I am currently trying to implement a Baum Welch algorithm in C, but I run into the following problem : the gamma function :
gamma(i,t) = alpha(i,t) * beta(i,t) / sum over `i` of(alpha(i,t) * beta(i,t))
Unfortunately, for large enough observation sets, alpha drops rapidly to 0 as t
increases, and beta drops rapidly to 0 as t
decreases, meaning that, due to rounding down, there is never a spot where both alpha and beta are non-zero, which makes things rather problematic.
Is there a way around this problem or should I just try to increase precision for the values? I fear the problem may just pop up again if I try this approach, as alpha and beta drop of about one order of magnitude per observation.

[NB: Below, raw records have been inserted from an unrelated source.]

(* Let $X,Y\in\{\mathsf{T},\mathsf{S}\}^*$ with $X\sqsubseteq Y$. Then: (idempotence) $X\mathsf{T}\mathsf{T}\equiv X\mathsf{T}$ and $X\mathsf{S}\mathsf{S}\equiv X\mathsf{S}$; (monotonicity) $X\mathsf{T}\sqsubseteq Y\mathsf{T}$; (inflation/deflation) $X\sqsubseteq X\mathsf{T}$ and $X\mathsf{S}\sqsubseteq X$; (maximality) $X\sqsubseteq \mathsf{T}$.
   Context: Fix attribute–taxonomy pairs $A_1{:}T_1,\dots,A_d{:}T_d$ with distinct attribute names, where each taxonomy $T_i=(V_i,\le_{V_i})$ is a poset. A t-tuple over a t-schema $S\subseteq\{A_1{:}T_1,\dots,A_d{:}T_d\}$ maps each $A_i$ in $S$ to a value of $V_i$; $\mathcal{D}$ is the set of all t-tuples over all such t-schemas. A preference relation is a binary relation $\succeq$ on $\mathcal{D}$; its strict part is $t_1\succ t_2$ iff $t_1\succeq t_2$ and not $t_2\succeq t_1$. Preferences are given by a formula $F(x,y)=\bigvee_i P_i(x,y)$, a disjunction of statements; each statement $P_i$ is a disjunction of clauses, each clause a satisfiable conjunction of atoms of the forms $x[A_i]\le_{V_i} v$, $x[A_i]\not\le_{V_i} v$, $y[A_i]\le_{V_i} v$, $y[A_i]\not\le_{V_i} v$; the formula induces $t_1\succeq t_2\iff F(t_1,t_2)$. Operator $\mathsf{T}$ maps a formula to one (obtained by adding statements built from composable clause pairs) inducing the transitive closure over $\mathcal{D}$ of the induced relation. Operator $\mathsf{S}$ (specificity-based refinement): repeat rounds; in a round, for each statement $P_i$ let $\mathrm{Impl}(P_i)$ be the set of statements $P_j$ such that $P_j(t_2,t_1)\Rightarrow P_i(t_1,t_2)$ for all $t_1,t_2\in\mathcal{D}$ but not conversely; simultaneously replace every $P_i$ with nonempty $\mathrm{Impl}(P_i)$ by $P_i(x,y)\wedge\bigwedge_{P_j\in \mathrm{Impl}(P_i)}\neg P_j(y,x)$; stop when no $\mathrm{Impl}$ set is nonempty. After each operator, contradictory clauses and subsumed statements are removed. For $X\in\{\mathsf{T},\mathsf{S}\}^*$, $\succeq_X$ is the relation induced by applying the operators of $X$ in order to the initial formula ($\varepsilon$ is the empty sequence). Containment $X\sqsubseteq Y$ means $\succeq_X\subseteq\succeq_Y$ for every initial preference formula; $X\equiv Y$ means $X\sqsubseteq Y$ and $Y\sqsubseteq X$. *)

From Stdlib Require Import ClassicalEpsilon Relation_Operators.
From mathcomp Require Import all_boot.
Set Implicit Arguments.
Unset Strict Implicit.
Unset Printing Implicit Defensive.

You should do these computations, and generally all computations for probability models, in log-space:
lg_gamma(i, t) = (lg_alpha(i, t) + lg_beta(i, t)
- logsumexp over i of (lg_alpha(i, t) + lg_beta(i, t)))
where lg_gamma(i, t)
represents the logarithm of gamma(i, t)
, etc., and logsumexp
is the function described here. At the end of the computation, you can convert to probabilities using exp
, if needed (that's typically only needed for displaying probabilities, but even there logs may be preferable).
The base of the logarithm is not important, as long as you use the same base everywhere. I prefer the natural logarithm, because log
saves typing compared to log2
:)